Consumers may help cut medicine costs by requesting generics wherever feasible.
The majority of Americans say the government should intervene in medicine pricing to prevent Big Pharma from “getting away with murder.”
Consumers may help by requesting for generic pharmaceuticals wherever feasible, speaking out against increasing drug prices, and holding businesses responsible for harmful drugs, in addition to whatever price control measures the next government may take.
The “drug prices by country” is a question that has been asked for a long time. There are many factors that go into the cost of drugs, such as how much it costs to manufacture and import them.
Frequently Asked Questions
Why are drug costs so high in the United States?
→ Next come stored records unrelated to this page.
(* Let $X$ be a (complete) doubling metric measure space, let $E\subset X$ be a closed set, and assume $\overline{\operatorname{co\,dim}}_A(E)<q$. Then there exists a constant $C>0$ such that \[\mathcal H^{\mu,q}_R\big(E\cap B(w,R)\big)\ge C\,R^{-q}\mu(B(w,R))\] for every $w\in E$ and all $0<R<\operatorname{diam}(E)$.
   Context: $(X,d,\mu)$ is a complete metric space with a Borel measure $\mu$ such that every closed ball $B(x,r)=\{y:d(x,y)\le r\}$, $r>0$, has $0<\mu(B(x,r))<\infty$, and $\mu$ is doubling. For $E\subset X$ and $r>0$, $E_r=\{x\in X:\operatorname{dist}(x,E)<r\}$. The upper Assouad codimension $\overline{\operatorname{co\,dim}}_A(E)$ is the infimum of all $s\ge0$ for which there is $c>0$ such that $\frac{\mu(E_r\cap B(x,R))}{\mu(B(x,R))}\ge c(r/R)^s$ for every $x\in E$ and all $0<r<R<\operatorname{diam}(E)$. For $q\ge0$ and $R>0$, the Hausdorff content of codimension $q$ is $\mathcal H_R^{\mu,q}(A)=\inf\{\sum_k\operatorname{rad}(B_k)^{-q}\mu(B_k): A\subset\bigcup_k B_k,\ \operatorname{rad}(B_k)\le R\}$, the infimum over countable covers by balls. *)

From Stdlib Require Import Reals Lra.
Open Scope R_scope.

Section MMS.
Context {X : Type} (d : X -> X -> R).

Definition is_metric : Prop :=
  (forall x y, 0 <= d x y) /\ (forall x y, d x y = 0 <-> x = y) /\
  (forall x y, d x y = d y x) /\ (forall x y z, d x z <= d x y + d y z).

Definition complete_metric : Prop :=
  forall u : nat -> X,
    (forall eps, 0 < eps -> exists N, forall m n, (N <= m)%nat -> (N <= n)%nat ->
        d (u m) (u n) < eps) ->
    exists l, forall eps, 0 < eps -> exists N, forall n, (N <= n)%nat -> d (u n) l < eps.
A: Drug prices are higher in the United States for a variety of reasons including high demand, lack of competition and strict patent laws.
Does the US have the highest drug prices?
A: The US has the highest drug prices, but thats not just because of pharmaceutical companies. It is due to a lot of factors such as insurance and demand for prescription drugs in general.
What country has highest drug prices?
A: The United States has the highest drug prices for a number of reasons, but primarily because pharmaceuticals are heavily regulated in America. In Canada and Europe, where governments have more influence on how drugs are sold to consumers, there is less regulation and lower rates than those found in the US.